Dataset:
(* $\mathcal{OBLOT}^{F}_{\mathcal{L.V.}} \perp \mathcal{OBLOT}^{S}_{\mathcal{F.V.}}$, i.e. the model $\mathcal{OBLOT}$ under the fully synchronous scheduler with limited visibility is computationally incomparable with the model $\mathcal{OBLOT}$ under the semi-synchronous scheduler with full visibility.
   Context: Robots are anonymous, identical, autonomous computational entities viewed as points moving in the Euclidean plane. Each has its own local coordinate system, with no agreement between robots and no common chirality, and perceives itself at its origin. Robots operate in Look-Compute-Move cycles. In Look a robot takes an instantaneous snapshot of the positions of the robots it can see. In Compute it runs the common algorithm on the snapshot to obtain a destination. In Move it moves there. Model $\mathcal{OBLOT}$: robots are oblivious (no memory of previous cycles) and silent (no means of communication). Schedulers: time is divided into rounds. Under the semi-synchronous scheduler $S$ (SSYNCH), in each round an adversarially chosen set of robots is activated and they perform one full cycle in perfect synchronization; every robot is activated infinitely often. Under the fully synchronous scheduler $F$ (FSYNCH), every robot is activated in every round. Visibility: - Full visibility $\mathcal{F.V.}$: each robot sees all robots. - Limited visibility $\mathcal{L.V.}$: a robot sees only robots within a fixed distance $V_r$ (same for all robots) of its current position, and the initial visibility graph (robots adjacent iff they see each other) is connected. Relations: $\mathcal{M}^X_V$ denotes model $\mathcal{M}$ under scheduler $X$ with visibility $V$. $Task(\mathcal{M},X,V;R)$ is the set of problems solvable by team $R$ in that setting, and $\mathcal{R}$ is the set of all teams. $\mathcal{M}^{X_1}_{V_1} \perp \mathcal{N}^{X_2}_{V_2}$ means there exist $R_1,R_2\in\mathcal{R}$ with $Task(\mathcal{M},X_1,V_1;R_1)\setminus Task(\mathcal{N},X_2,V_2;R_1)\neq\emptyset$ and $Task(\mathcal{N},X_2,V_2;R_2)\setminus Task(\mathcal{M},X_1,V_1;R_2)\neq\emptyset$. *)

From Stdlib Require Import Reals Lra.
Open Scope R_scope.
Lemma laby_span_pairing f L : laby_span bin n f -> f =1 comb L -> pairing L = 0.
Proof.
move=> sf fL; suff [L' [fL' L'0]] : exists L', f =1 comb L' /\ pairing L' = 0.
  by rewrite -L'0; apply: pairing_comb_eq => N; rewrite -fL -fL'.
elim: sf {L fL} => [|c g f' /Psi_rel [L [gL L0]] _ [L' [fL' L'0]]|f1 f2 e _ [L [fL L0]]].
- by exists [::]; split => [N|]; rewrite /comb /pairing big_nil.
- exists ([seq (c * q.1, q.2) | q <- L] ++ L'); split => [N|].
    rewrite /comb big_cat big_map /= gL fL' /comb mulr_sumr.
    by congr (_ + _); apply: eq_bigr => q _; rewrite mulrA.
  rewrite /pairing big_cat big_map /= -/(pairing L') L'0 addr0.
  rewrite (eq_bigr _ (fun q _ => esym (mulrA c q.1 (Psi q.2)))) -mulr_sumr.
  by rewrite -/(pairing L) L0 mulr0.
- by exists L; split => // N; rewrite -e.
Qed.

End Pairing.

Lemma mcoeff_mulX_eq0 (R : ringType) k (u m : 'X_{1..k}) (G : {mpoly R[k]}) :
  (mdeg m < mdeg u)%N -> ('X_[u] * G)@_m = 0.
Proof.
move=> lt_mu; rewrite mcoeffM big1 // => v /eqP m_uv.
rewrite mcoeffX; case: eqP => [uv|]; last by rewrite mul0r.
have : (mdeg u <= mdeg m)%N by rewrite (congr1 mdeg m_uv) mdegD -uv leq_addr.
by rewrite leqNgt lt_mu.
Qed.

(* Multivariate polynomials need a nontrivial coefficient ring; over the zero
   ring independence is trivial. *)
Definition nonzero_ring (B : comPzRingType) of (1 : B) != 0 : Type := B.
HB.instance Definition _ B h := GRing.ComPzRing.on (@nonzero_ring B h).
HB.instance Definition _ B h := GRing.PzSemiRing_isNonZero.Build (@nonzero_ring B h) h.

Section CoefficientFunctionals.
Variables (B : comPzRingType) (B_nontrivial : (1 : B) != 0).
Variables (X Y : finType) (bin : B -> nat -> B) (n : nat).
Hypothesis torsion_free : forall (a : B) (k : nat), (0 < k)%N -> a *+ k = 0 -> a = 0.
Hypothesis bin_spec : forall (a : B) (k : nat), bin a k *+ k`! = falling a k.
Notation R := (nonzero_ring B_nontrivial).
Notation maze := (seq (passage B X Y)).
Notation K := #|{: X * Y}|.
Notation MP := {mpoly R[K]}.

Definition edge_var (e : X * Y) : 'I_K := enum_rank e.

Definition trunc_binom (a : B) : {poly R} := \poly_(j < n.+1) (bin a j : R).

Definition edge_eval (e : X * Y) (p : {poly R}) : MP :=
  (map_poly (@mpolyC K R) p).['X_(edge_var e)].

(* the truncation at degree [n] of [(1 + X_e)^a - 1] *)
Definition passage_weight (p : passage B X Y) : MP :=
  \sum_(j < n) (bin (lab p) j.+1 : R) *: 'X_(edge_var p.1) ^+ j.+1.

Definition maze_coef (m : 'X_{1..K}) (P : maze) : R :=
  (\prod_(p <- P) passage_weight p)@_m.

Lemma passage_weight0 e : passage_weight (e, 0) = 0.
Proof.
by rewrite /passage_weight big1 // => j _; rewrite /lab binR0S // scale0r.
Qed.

Aim of the task: Scan the records above and report every line with the string "apply".

Result of the exercise:
  by rewrite -L'0; apply: pairing_comb_eq => N; rewrite -fL -fL'.
    by congr (_ + _); apply: eq_bigr => q _; rewrite mulrA.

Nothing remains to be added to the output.